TODO: Needs updating: show how to subscribe to specific event streams, show how to set the dispatch mode.
This example shows how to add a cuechange
handler that can be used to receive media-timed data and event cues.
const video = document.getElementById('video');
video.textTracks.addEventListener('addtrack', (event) => {
const textTrack = event.track;
if (textTrack.kind === 'metadata') {
textTrack.mode = 'hidden';
// See cueChangeHandler examples below
textTrack.addEventListener('cuechange', cueChangeHandler);
}
});
const cueChangeHandler = (event) => {
const metadataTrack = event.target;
const activeCues = metadataTrack.activeCues;
for (let i = 0; i < activeCues.length; i++) {
const cue = activeCues[i];
// The UA delivers parsed message data for this message type
if (cue.type === 'urn:mpeg:dash:event:callback:2015' &&
cue.value.emsgValue === '1') {
const url = cue.value.data;
fetch(url).then(() => { console.log('Callback completed'); });
}
}
};
This example shows how a web application can handle SCTE 35 cues, both in the case where the cues are parsed by the browser implementation, and where parsed by the web application.
const cueChangeHandler = (event) => {
const metadataTrack = event.target;
const activeCues = metadataTrack.activeCues;
for (let i = 0; i < activeCues.length; i++) {
const cue = activeCues[i];
if (cue.type === 'urn:scte:scte35:2013:bin') {
// Parse the SCTE-35 message payload.
// parseSCTE35Data() is similar to Comcast's scte35.js library,
// adapted to take an ArrayBuffer as input.
// https://github.com/Comcast/scte35-js/blob/master/src/scte35.ts
const scte35Message = parseSCTE35Data(cue.value.data);
console.log(cue.startTime, cue.endTime, scte35Message.tableId, scte35Message.spliceCommandType);
}
}
};
This example shows how a web application can use the proposed new addcue
event to attach enter
and exit
handlers to each cue on the metadata track.

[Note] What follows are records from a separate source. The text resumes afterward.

Lemma symmetric_edges_perm s1 s2 :
  perm_eq (edges s1) (edges s2) -> symmetric_edges s2 -> symmetric_edges s1.
Proof. by move=> /seq.permP eq_e sym_s2 v w; rewrite !eq_e. Qed.

Lemma rot_to_leaf s x : count_mem x s = 1 -> 1 < size s ->
  exists y r, [/\ x \notin y :: r, perm_eq [:: y, x & r] s
                & perm_eq (edges [:: y, x & r]) (edges s)].
Proof.
move=> x_once size_s; have x_in_s : x \in s by rewrite -has_pred1 has_count x_once.
case: (rot_to x_in_s) => i s'; case/lastP: s' => [|r y] rot_s.
  by move: size_s; rewrite -(size_rot i) rot_s.
have def_s1 : rotr 1 (rot i s) = [:: y, x & r] by rewrite rot_s -rcons_cons rotr1_rcons.
exists y, r; rewrite -def_s1 perm_rotr perm_rot; split=> //.
  have /seq.permP/(_ (pred1 x)) : perm_eq (rot i s) s by rewrite perm_rot.
  by rewrite rot_s x_once /= eqxx add1n => -[/count_memPn]; rewrite mem_rcons.
exact: perm_trans (perm_edges_rotr _ _) (perm_edges_rot _ _).
Qed.

Lemma pendant_neighbor x y (c : V) r :
  symmetric_edges [:: y, x, c & r] -> x \notin [:: y, c & r] -> c = y.
Proof.
move=> sym_s; rewrite in_cons negb_or => /andP [neq_xy x_notin_cr].
have : (x, y) \in edges [:: y, x, c & r].
  by rewrite -has_pred1 has_count sym_s /= eqxx.
rewrite /edges !rot1_cons /= !in_cons !xpair_eqE (negbTE neq_xy) eqxx /=.
case/orP => [/eqP -> // | /(map_f fst)].
rewrite -[map _ _]/(unzip1 _) unzip1_zip ?size_rcons // => x_in_cr.
by rewrite x_in_cr in x_notin_cr.
Qed.

Lemma symmetric_edges_pendant x y r :
  symmetric_edges [:: y, x, y & r] -> symmetric_edges (y :: r).
Proof.
move=> sym_s v w; have := sym_s v w; rewrite edges_cons2 /= !xpair_eqE.
by rewrite [(y == w) && _]andbC [(x == w) && _]andbC [LHS]addnCA => /addnI /addnI.
Qed.

End CyclicEdges.

Section Tours.
Variable V : finType.
Implicit Types (x y : V) (r s : seq V) (E : seq (V * V)).

Definition tours N E : {set N.-tuple V} := [set t : N.-tuple V | perm_eq (edges t) E].

Definition starts e s := ohead (edges s) == Some e.

(* Unvisited vertices contribute [(0.-1)`! = 1]. *)
Definition indeg_fact s := \prod_(v : V) (count_mem v s).-1`!.

Lemma tours_perm N E E' : perm_eq E E' -> tours N E = tours N E'.
Proof. by move=> eq_E; apply/setP => t; rewrite !inE (permPr eq_E). Qed.

(* Double counting of the pairs (t, k) such that the k-th step of t is e. *)
Lemma card_tours_starts N E e :
  N * #|[set t in tours N E | starts e t]| = #|tours N E| * count_mem e E.
Proof.
have card_starts_rot k : #|[set t in tours N E | starts e (rot k t)]| =
                         #|[set t in tours N E | starts e t]|.
  have rot_inj_tuple : injective (@rot_tuple N k V).
    by move=> t1 t2 /(congr1 val) /rot_inj /val_inj.
  rewrite -[RHS](card_preimset _ rot_inj_tuple); apply: eq_card => t.
  by rewrite !inE /= edges_rot perm_rot.
have -> : N * #|[set t in tours N E | starts e t]| =
          \sum_(k < N) #|[set t in tours N E | starts e (rot k t)]|.
  by under eq_bigr => k _ do rewrite card_starts_rot; rewrite sum_nat_const card_ord.
rewrite -sum_nat_const.
transitivity (\sum_(t in tours N E) \sum_(k < N) (starts e (rot k t) : nat)).
  rewrite exchange_big /=; apply: eq_bigr => k _.
  by rewrite -sum1dep_card big_mkcondr /=; apply: eq_bigr => t _; case: starts.
apply: eq_bigr => t; rewrite inE => /seq.permP <-.
rewrite count_mem_ohead_rot size_edges size_tuple.
by apply: eq_bigr => k _; rewrite /starts edges_rot.
Qed.
Lemma bohr_majorant_core m e : 0 < m <= 1 -> 0 <= e <= 1 ->
  - m * e + e * (2 - e) * (m / 2)
  + (1 / (2 - e) + m / 2) * (e * (2 - e)) ^ 2 * (m ^ 2 / (4 * (1 + m))) <= 0.
Proof.
  intros Hm He.
  replace ((1 / (2 - e) + m / 2) * (e * (2 - e)) ^ 2)
    with (e ^ 2 * (2 - e) + m / 2 * e ^ 2 * (2 - e) ^ 2) by (field; lra).
  assert (X : e ^ 2 * (2 - e) + m / 2 * e ^ 2 * (2 - e) ^ 2 <= e ^ 2 * (2 + 2 * m)).
  { assert (e ^ 2 * (2 - e) <= e ^ 2 * 2) by (apply Rmult_le_compat_l; nra).
    assert (m / 2 * e ^ 2 * (2 - e) ^ 2 <= m / 2 * e ^ 2 * 4) by (apply Rmult_le_compat_l; nra).
    lra. }
  assert (Y : (e ^ 2 * (2 - e) + m / 2 * e ^ 2 * (2 - e) ^ 2) * (m ^ 2 / (4 * (1 + m)))
              <= m ^ 2 * e ^ 2 / 2).
  { replace (m ^ 2 * e ^ 2 / 2) with (e ^ 2 * (2 + 2 * m) * (m ^ 2 / (4 * (1 + m))))
      by (field; lra).
    apply Rmult_le_compat_r; [apply Rdiv_le_0_compat; nra | exact X]. }
  assert (m ^ 2 * e ^ 2 <= m * e ^ 2) by nra.
  nra.
Qed.

(* The majorant of [C_f(x)] obtained from [|a_k| <= 1 - |a_0|^2], with [al = |a_0|]
   and [r = |x|]. *)
Lemma bohr_majorant_le_one m al r : 0 < m <= 1 -> 0 <= al <= 1 -> 0 <= r <= m / (2 + m) ->
  rpow al m + (1 - al ^ 2) * r / (1 - r)
  + (1 / (1 + al) + r / (1 - r)) * ((1 - al ^ 2) ^ 2 * r ^ 2 / (1 - r ^ 2)) <= 1.
Proof.
  intros Hm Ha Hr.
  destruct (bohr_radius_bounds m r Hm Hr) as [Hr3 [A1 A2]].
  pose proof (rpow_le_tangent al m Ha Hm) as Hpow.
  pose proof (bohr_majorant_core m (1 - al) Hm ltac:(lra)) as Hcore.
  replace (2 - (1 - al)) with (1 + al) in Hcore by ring.
  replace ((1 - al) * (1 + al)) with (1 - al ^ 2) in Hcore by ring.
  assert (Hal2 : 0 <= 1 - al ^ 2) by nra.
  assert (B1 : (1 - al ^ 2) * r / (1 - r) <= (1 - al ^ 2) * (m / 2)).
  { unfold Rdiv; rewrite Rmult_assoc; apply Rmult_le_compat_l; [exact Hal2 | exact A1]. }
  assert (B2 : (1 / (1 + al) + r / (1 - r)) * ((1 - al ^ 2) ^ 2 * r ^ 2 / (1 - r ^ 2))
               <= (1 / (1 + al) + m / 2) * (1 - al ^ 2) ^ 2 * (m ^ 2 / (4 * (1 + m)))).
  { assert (0 <= r / (1 - r)) by (apply Rdiv_le_0_compat; lra).
    assert (0 <= r ^ 2 / (1 - r ^ 2)) by (apply Rdiv_le_0_compat; nra).
    assert (0 <= 1 / (1 + al)) by (apply Rdiv_le_0_compat; lra).
    assert (0 <= (1 - al ^ 2) ^ 2) by apply pow2_ge_0.
    unfold Rdiv at 3; rewrite Rmult_assoc, (Rmult_assoc (_ + m / 2)).
    apply Rmult_le_compat; [lra | apply Rmult_le_pos; lra | lra |].
    apply Rmult_le_compat_l; lra. }
  lra.
Qed.
Lemma cmul_cpowSS r w :
  cpow x r.+2 *o w = (x *o x) *o (cpow x r *o w) + (cpow x r.+1 *o (x *o w)) *+ 2
                     - (x *o (cpow x r *o (x *o w))) *+ 2.
Proof.
have := jordan_lin_comm (cpow x r) w.
rewrite (cmulC cC (cpow x r) (x *o x)) cmul_sqr_cpow (cmulC cC (cpow x r *o w)) -/(cpow x r.+1).
by move=> e; rewrite (cmulC cC _ w) e addrK.
Qed.

Let commutes_with_cpow r :=
  (forall w, x *o (cpow x r *o w) = cpow x r *o (x *o w)) /\
  (forall w, (x *o x) *o (cpow x r *o w) = cpow x r *o ((x *o x) *o w)).

Lemma cpow_comm r : commutes_with_cpow r.
Proof.
suff : commutes_with_cpow r /\ commutes_with_cpow r.+1 by case.
rewrite /commutes_with_cpow; elim: r => [|r [[Cr1 Cr2] [Cs1 Cs2]]].
  by do !split; move=> w /=; rewrite ?cmul_sqr_comm.
split=> //; split=> w; rewrite !cmul_cpowSS !(cmulBr, cmulDr, cmulMnr).
  by congr (_ + _ - _); rewrite ?cmul_sqr_comm ?Cr1 ?Cs1 ?Cr1.
congr (_ + _ - _); first by rewrite Cr2.
  by rewrite Cs2 cmul_sqr_comm.
by rewrite -cmul_sqr_comm Cr2 cmul_sqr_comm.
Qed.

Lemma dcpow_cmul r v : dcpow x r (x *o v) = x *o dcpow x r v.
Proof.
elim: r v => [|r IHr] v //=.
rewrite IHr cmulDr; congr (_ + _).
by rewrite (cmulC cC) -(proj1 (cpow_comm r)) (cmulC cC v).
Qed.

Lemma dcpow_sqr r : dcpow x r (x *o x) = cpow x r.+1 *+ r.+1.
Proof. by elim: r => [|r IHr] //=; rewrite IHr cmulMnr cmul_sqr_cpow [in RHS]mulrS. Qed.

Lemma dcpow_adjoint (th : V -> S) r u v :
  {morph th : a b / a + b} ->
  (forall a b d, th ((a *o b) *o d) = th (a *o (b *o d))) ->
  th (u *o dcpow x r v) = th (dcpow x r u *o v).
Proof.
move=> thD thA; elim: r u v => [|r IHr] u v //=.
rewrite cmulDr (cmulDl cC) !thD; congr (_ + _); first by rewrite thA (cmulC cC (cpow x r) v).
by rewrite -thA IHr (cmulC cC u) dcpow_cmul.
Qed.

End JordanPowers.

(** * Frobenius forms *)

Section FrobeniusForm.
Variables (S : comPzRingType) (N : nat) (c : 'I_N -> 'I_N -> 'I_N -> S).
Variables (o : 'I_N) (eta : 'M[S]_N).
Local Notation V := 'rV[S]_N.
Local Notation "x *o y" := (cmul c x y) (at level 40, left associativity).

Definition frob_form (x : V) : S := \sum_p eta o p * x 0 p.

Lemma frob_form_is_linear : scalar frob_form.
Proof.
move=> s u v; rewrite /frob_form mulr_sumr -big_split /=.
by apply: eq_bigr => p _; rewrite !mxE; ring.
Qed.

HB.instance Definition _ := GRing.isLinear.Build S V S *%R frob_form frob_form_is_linear.

Definition bform (x y : V) : S := \sum_i \sum_j eta i j * x 0 i * y 0 j.

Lemma bform_cmul_l x y z : bform (x *o y) z =
  \sum_i \sum_j \sum_l (\sum_k c k i j * eta k l) * x 0 i * y 0 j * z 0 l.
Proof.
rewrite /bform.
under eq_bigr => k _ do under eq_bigr => l _ do
  (rewrite cmulE mulr_sumr mulr_suml; under eq_bigr => i _ do rewrite mulr_sumr mulr_suml).
under eq_bigr => k _ do (rewrite exchange_big; under eq_bigr => i _ do rewrite exchange_big).
rewrite exchange_big; under eq_bigr => i _ do
  (rewrite exchange_big; under eq_bigr => j _ do rewrite exchange_big).
apply: eq_bigr => i _; apply: eq_bigr => j _; apply: eq_bigr => l _.
by rewrite !mulr_suml; apply: eq_bigr => k _ /=; ring.
Qed.

Lemma bform_cmul_r x y z : bform x (y *o z) =
  \sum_i \sum_j \sum_l (\sum_k eta i k * c k j l) * x 0 i * y 0 j * z 0 l.
Proof.
rewrite /bform; apply: eq_bigr => i _.
under eq_bigr => k _ do (rewrite cmulE mulr_sumr; under eq_bigr => j _ do rewrite mulr_sumr).
rewrite exchange_big; apply: eq_bigr => j _; rewrite exchange_big; apply: eq_bigr => l _ /=.
by rewrite !mulr_suml; apply: eq_bigr => k _; ring.
Qed.

Hypothesis frob : forall i j l,
  \sum_k c k i j * eta k l = \sum_k eta i k * c k j l.

Lemma bform_cmulA x y z : bform (x *o y) z = bform x (y *o z).
Proof.
rewrite bform_cmul_l bform_cmul_r.
by apply: eq_bigr => i _; apply: eq_bigr => j _; apply: eq_bigr => l _; rewrite frob.
Qed.

Hypothesis unit_o : forall k j, c k o j = (k == j)%:R.

Lemma frob_form_cmul x y : frob_form (x *o y) = bform x y.
Proof.
have eta_o i j : \sum_p eta o p * c p i j = eta i j.
  rewrite -frob (bigD1 i) //= unit_o eqxx mul1r big1 ?addr0 // => k /negbTE ki.
  by rewrite unit_o ki mul0r.
rewrite /frob_form /bform.
under eq_bigr => p _ do (rewrite cmulE mulr_sumr; under eq_bigr => i _ do rewrite mulr_sumr).
rewrite exchange_big; apply: eq_bigr => i _; rewrite exchange_big; apply: eq_bigr => j _ /=.
by rewrite -eta_o !mulr_suml; apply: eq_bigr => p _; ring.
Qed.

Lemma frob_formA x y z : frob_form ((x *o y) *o z) = frob_form (x *o (y *o z)).
Proof. by rewrite !frob_form_cmul bform_cmulA. Qed.

Hypothesis cC : forall k i j, c k i j = c k j i.

Lemma frob_form_cmulCA x u w : frob_form (u *o (x *o w)) = frob_form (w *o (x *o u)).
Proof. by rewrite -frob_formA (cmulC cC u x) cmulC. Qed.

End FrobeniusForm.

Lemma bform_deltal (S : comPzRingType) N (eta : 'M[S]_N) p (z : 'rV[S]_N) :
  bform eta 'e_p z = (z *m eta^T) 0 p.
Proof.
rewrite /bform (bigD1 p) //= [X in _ + X]big1 ?addr0; last first.
  by move=> i /negbTE ip; apply: big1 => j _; rewrite mxE ip andbF mulr0 mul0r.
rewrite [RHS]mxE; apply: eq_bigr => j _; by rewrite !mxE !eqxx /= mulr1 mulrC.
Qed.

Lemma bform_nondeg (S : comUnitRingType) N (eta : 'M[S]_N) (z : 'rV[S]_N) :
  eta \in unitmx -> (forall p, bform eta 'e_p z = 0) -> z = 0.
Proof.
move=> eta_unit z0; have etaT_unit : eta^T \in unitmx by rewrite unitmx_tr.
rewrite -(mulmxK etaT_unit z); suff -> : z *m eta^T = 0 by rewrite mul0mx.
by apply/rowP => p; rewrite -bform_deltal z0 mxE.
Qed.

(** * The densities as Frobenius forms of polynomial vectors *)

Lemma mderivXU (R : nzRingType) m (i k : 'I_m) :
  mderiv i ('X_k : {mpoly R[m]}) = (k == i)%:R.
Proof.
rewrite mderivX mnm1E; case: eqP => [->|_]; last by rewrite scale0r.
suff -> : (U_(i) - U_(i))%MM = 0%MM by rewrite mpolyX0 scale1r.
by apply/mnmP => j; rewrite !mnmE subnn.
Qed.

Section Densities.
Variables (R : fieldType) (n : nat) (a : 'I_n.+1 -> 'I_n.+1 -> 'I_n.+1 -> R).
Variable eta : 'M[R]_n.+1.
Local Notation N := n.+1.
Local Notation K := {mpoly R[N]}.
Local Notation V := 'rV[K]_N.
Local Notation aK := (fun k i j => (a k i j)%:MP : K).
Local Notation "x *o y" := (cmul aK x y) (at level 40, left associativity).
Local Notation th := (frob_form ord0 (map_mx (@mpolyC N R) eta)).

Definition uvec : V := \row_i 'X_i.

Definition vderiv i (x : V) : V := map_mx (mderiv i) x.

Lemma vderiv_is_zmod_morphism i : zmod_morphism (vderiv i).
Proof. exact: raddfB. Qed.

HB.instance Definition _ i :=
  GRing.isZmodMorphism.Build V V (vderiv i) (vderiv_is_zmod_morphism i).

Definition dirderiv (v x : V) : V := \sum_i v 0 i *: vderiv i x.

Lemma dirderiv_is_zmod_morphism v : zmod_morphism (dirderiv v).
Proof.
by move=> x y; rewrite /dirderiv -sumrB; apply: eq_bigr => i _; rewrite raddfB scalerBr.
Qed.

HB.instance Definition _ v :=
  GRing.isZmodMorphism.Build V V (dirderiv v) (dirderiv_is_zmod_morphism v).

Lemma vderiv_cmul i x y : vderiv i (x *o y) = vderiv i x *o y + x *o vderiv i y.
Proof.
apply/rowP => k; rewrite !(mxE, cmulE) raddf_sum -big_split /=.
apply: eq_bigr => p _; rewrite raddf_sum -big_split /=; apply: eq_bigr => q _.
by rewrite !mxE !mderivM mderivC; ring.
Qed.

Lemma vderiv_uvec i : vderiv i uvec = 'e_i.
Proof. by apply/rowP => k; rewrite !mxE mderivXU. Qed.

Lemma vderivZ i s x : vderiv i (s *: x) = mderiv i s *: x + s *: vderiv i x.
Proof. by apply/rowP => k; rewrite !mxE mderivM. Qed.

Lemma vderiv_delta i k : vderiv i 'e_k = 0.
Proof. by apply/rowP => j; rewrite !mxE -mpolyC_nat mderivC. Qed.

Lemma vderivC i j x : vderiv i (vderiv j x) = vderiv j (vderiv i x).
Proof. by apply/rowP => k; rewrite !mxE mderiv_comm. Qed.

Hypothesis aC : forall k i j, a k i j = a k j i.

Let aKC k i j : aK k i j = aK k j i. Proof. by rewrite /= aC. Qed.

Lemma dirderiv_cmul v x y : dirderiv v (x *o y) = dirderiv v x *o y + x *o dirderiv v y.
Proof.
rewrite /dirderiv (cmul_suml aKC) cmul_sumr -big_split /=; apply: eq_bigr => i _.
by rewrite vderiv_cmul scalerDr (cmulZl aKC) cmulZr.
Qed.

Lemma dirderiv_uvec v : dirderiv v uvec = v.
Proof.
by rewrite [RHS]row_sum_delta; apply: eq_bigr => i _; rewrite vderiv_uvec.
Qed.

Lemma frob_form_vderiv i x : mderiv i (th x) = th (vderiv i x).
Proof. by rewrite /frob_form raddf_sum /=; apply: eq_bigr => p _; rewrite !mxE mderiv_mulC. Qed.
(* Let $(A,\varphi,\phi_A,[\cdot,\cdot]_A,a_A,K,\langle\cdot,\cdot\rangle)$ be a para-Kähler hom-Lie algebroid with hom-Levi-Civita connection $\nabla$, and identify $A^{-1}$ with $(A^1)^*$ via $\langle\cdot,\cdot\rangle$ (so $\phi_{A^{-1}}$ corresponds to $\phi_{(A^1)^*}:=(\phi_{A^1})^\dagger$). Then: (i) $X\mapsto\nabla_X|_{\Gamma(A^1)}$, $X\in\Gamma(A^1)$, is a representation of the hom-Lie algebroid $A^1$ on $(A^1,\varphi,\phi_{A^1})$ with respect to $\phi_{A^1}$; (ii) $\alpha\mapsto\nabla_\alpha|_{\Gamma((A^1)^* )}$, $\alpha\in\Gamma((A^1)^* )\cong\Gamma(A^{-1})$, is a representation of the hom-Lie algebroid $(A^1)^*\cong A^{-1}$ on $((A^1)^*,\varphi,\phi_{(A^1)^*})$ with respect to $\phi_{(A^1)^*}$.
   Context: Standing conventions. $M$ is a smooth manifold, $\varphi:M\to M$ a diffeomorphism, $\varphi^*f=f\circ\varphi$. A hom-bundle $(A\to M,\varphi,\phi_A)$ is a vector bundle $A\to M$ together with an invertible $\mathbb R$-linear map $\phi_A:\Gamma(A)\to\Gamma(A)$ with $\phi_A(fX)=\varphi^*(f)\phi_A(X)$. $\varphi^!TM$ is the pullback bundle; its sections are identified with $\mathbb R$-linear maps $D:C^\infty(M)\to C^\infty(M)$ with $D(fg)=D(f)\varphi^*(g)+\varphi^*(f)D(g)$. A hom-Lie algebroid $(A,\varphi,\phi_A,[\cdot,\cdot]_A,a_A)$ consists of a hom-bundle, a skew-symmetric $\mathbb R$-bilinear bracket on $\Gamma(A)$ with $\phi_A[X,Y]_A=[\phi_A X,\phi_A Y]_A$ and $[\phi_A(X),[Y,Z]_A]_A+[\phi_A(Y),[Z,X]_A]_A+[\phi_A(Z),[X,Y]_A]_A=0$, and a bundle map $a_A:A\to\varphi^!TM$ such that $[X,fY]_A=\varphi^*(f)[X,Y]_A+a_A(\phi_A(X))(f)\phi_A(Y)$, $\varphi^*\circ a_A(X)=a_A(\phi_A(X))\circ\varphi^*$, and $a_A([X,Y]_A)\circ\varphi^*=a_A(\phi_AX)\circ a_A(Y)-a_A(\phi_AY)\circ a_A(X)$. For a hom-bundle $(E,\varphi,\phi_E)$, $\phi_E^\dagger$ on $\Gamma(E^* )$ is $\langle\phi_E^\dagger\xi,e\rangle=\varphi^*\langle\xi,\phi_E^{-1}e\rangle$. Pseudo-Riemannian metric: a symmetric nondegenerate bilinear form $\langle\cdot,\cdot\rangle$ on $A$ with $\langle\phi_AX,\phi_AY\rangle=\varphi^*\langle X,Y\rangle$. The hom-Levi-Civita connection is the unique $\mathbb R$-bilinear $\nabla:\Gamma(A)\times\Gamma(A)\to\Gamma(A)$ with $\nabla_{fX}Y=\varphi^*(f)\nabla_XY$, $\nabla_X(fY)=\varphi^*(f)\nabla_XY+a_A(\phi_AX)(f)\phi_A(Y)$, $[X,Y]_A=\nabla_XY-\nabla_YX$, and $a_A(\phi_AX)\langle Y,Z\rangle=\langle\nabla_XY,\phi_AZ\rangle+\langle\phi_AY,\nabla_XZ\rangle$. An almost para-complex structure is an invertible map $K:\Gamma(A)\to\Gamma(A)$ with $(\phi_A\circ K)^2=\mathrm{Id}$, $\phi_A\circ K=K\circ\phi_A$, and such that $A^1=\ker(\phi_A\circ K-\mathrm{Id})$ and $A^{-1}=\ker(\phi_A\circ K+\mathrm{Id})$ have the same rank. $(K,\langle\cdot,\cdot\rangle)$ is almost para-Hermitian if $\langle(\phi_A\circ K)X,(\phi_A\circ K)Y\rangle=-\langle X,Y\rangle$. A para-Kähler hom-Lie algebroid is an almost para-Hermitian hom-Lie algebroid with $\nabla_X\phi_A(KY)=\phi_A(K(\nabla_XY))$ for all $X,Y$. In this situation $A^1$ and $A^{-1}$ are $\phi_A$-invariant, closed under $[\cdot,\cdot]_A$ and $\nabla$, and are hom-Lie algebroids with the restricted structures; $A^{-1}\to(A^1)^*$, $\bar X\mapsto\langle\bar X,\cdot\rangle|_{A^1}$ is an isomorphism. Representation: given a hom-Lie algebroid $B$, a hom-bundle $(E,\varphi,\phi_E)$ and invertible $\mu:\Gamma(E)\to\Gamma(E)$ with $\mu(fe)=\varphi^*(f)\mu(e)$, a representation of $B$ on $E$ w.r.t. $\mu$ is an assignment $X\mapsto\rho(X)$ of $\mathbb R$-linear maps $\Gamma(E)\to\Gamma(E)$, with $\rho(fX)=\varphi^*(f)\rho(X)$, such that $\rho(X)(fe)=\varphi^*(f)\rho(X)e+a_B(\phi_B(X))(f)\mu(e)$, $\rho(\phi_B(X))\circ\mu=\mu\circ\rho(X)$, and $\rho([X,Y]_B)\circ\mu=\rho(\phi_B(X))\circ\rho(Y)-\rho(\phi_B(Y))\circ\rho(X)$. *)

(* Algebraic (sections-level) model of hom-Lie algebroids:
   - k        : the scalar field (plays the role of R, the real numbers);
   - R        : a commutative k-algebra (plays the role of C^oo(M));
   - V        : an R-module (plays the role of Gamma(A));
   - phiS     : R -> R  (plays the role of the pullback phi^* by the diffeo phi);
   - sections of phi^! TM are phi-derivations R -> R;
   - the anchor is a : V -> (R -> R). *)
From HB Require Import structures.
From mathcomp Require Import all_boot all_order all_algebra.
Set Implicit Arguments. Unset Strict Implicit. Unset Printing Implicit Defensive.
Import GRing.Theory Num.Theory.
Local Open Scope ring_scope.

(* k-linearity ("R-linear" in the paper, R = real numbers) of a map on sections *)
Definition klinear (k : numFieldType) (R : comAlgType k) (V : lmodType R)
  (F : V -> V) : Prop :=
  (forall x y : V, F (x + y) = F x + F y) /\
  (forall (c : k) (x : V), F ((c%:A : R) *: x) = (c%:A : R) *: F x).

(* phi^* : C^oo(M) -> C^oo(M), pullback by a diffeomorphism:
   an invertible k-algebra endomorphism *)
Definition is_pullback (k : numFieldType) (R : comAlgType k) (phiS : R -> R) : Prop :=
  (((forall f g : R, phiS (f + g) = phiS f + phiS g)) /\
     ((forall f g : R, phiS (f * g) = phiS f * phiS g)) /\
     (phiS 1 = 1) /\
     ((forall (c : k) (f : R), phiS (c *: f) = c *: phiS f)) /\
     (bijective phiS)).

Definition is_phi_derivation (k : numFieldType) (R : comAlgType k)
  (phiS : R -> R) (D : R -> R) : Prop :=
  (((forall f g : R, D (f + g) = D f + D g)) /\
     ((forall (c : k) (f : R), D (c *: f) = c *: D f)) /\
     ((forall f g : R, D (f * g) = D f * phiS g + phiS f * D g))).

Definition is_hom_bundle (k : numFieldType) (R : comAlgType k) (V : lmodType R)
  (phiS : R -> R) (phiA : V -> V) : Prop :=
  ((bijective phiA) /\
     (klinear phiA) /\
     ((forall (f : R) (X : V), phiA (f *: X) = phiS f *: phiA X))).

Definition is_hom_Lie_algebroid (k : numFieldType) (R : comAlgType k) (V : lmodType R)
  (phiS : R -> R) (phiA : V -> V) (br : V -> V -> V) (a : V -> R -> R) : Prop :=
  ((is_hom_bundle phiS phiA) /\
     (
      (forall X, klinear (br X)) /\ (forall Y, klinear (fun X => br X Y))) /\
     ((forall X Y, br X Y = - br Y X)) /\
     ((forall X Y, phiA (br X Y) = br (phiA X) (phiA Y))) /\
     (
      (forall X Y Z, br (phiA X) (br Y Z) + br (phiA Y) (br Z X)
                     + br (phiA Z) (br X Y) = 0)) /\
     (
      (((forall X Y f, a (X + Y) f = a X f + a Y f)) /\
     ((forall (g : R) X f, a (g *: X) f = g * a X f)) /\
     ((forall X, is_phi_derivation phiS (a X))))) /\
     ((forall X (f : R) Y, br X (f *: Y) = phiS f *: br X Y + a (phiA X) f *: phiA Y)) /\
     ((forall X f, phiS (a X f) = a (phiA X) (phiS f))) /\
     ((forall X Y f, a (br X Y) (phiS f) = a (phiA X) (a Y f) - a (phiA Y) (a X f)))).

// video.currentTime has reached the cue start time
// through normal playback progression
const cueEnterHandler = (event) => {
const cue = event.target;
console.log('cueEnter', cue.startTime, cue.endTime);
};
// video.currentTime has reached the cue end time
// through normal playback progression
const cueExitHandler = (event) => {
const cue = event.target;
console.log('cueExit', cue.startTime, cue.endTime);
};
// A cue has been parsed from the media container
const addCueHandler = (event) => {
const cue = event.cue;
// Attach enter/exit event handlers
cue.onenter = cueEnterhandler;
cue.onexit = cueExitHandler;
};
const video = document.getElementById('video');
video.textTracks.addEventListener('addtrack', (event) => {
const textTrack = event.track;
if (textTrack.kind === 'metadata') {
textTrack.mode = 'hidden';
textTrack.addEventListener('addcue', addCueHandler);
}
});
TODO
This explainer is based on content from a Note written by the W3C Media and Entertainment Interest Group, and from a number of associated discussions, including the TPAC breakout session on video metadata cues. It is also closely related to the DASH-IF DASH Player's Application Events and Timed Metadata Processing Models and APIs document.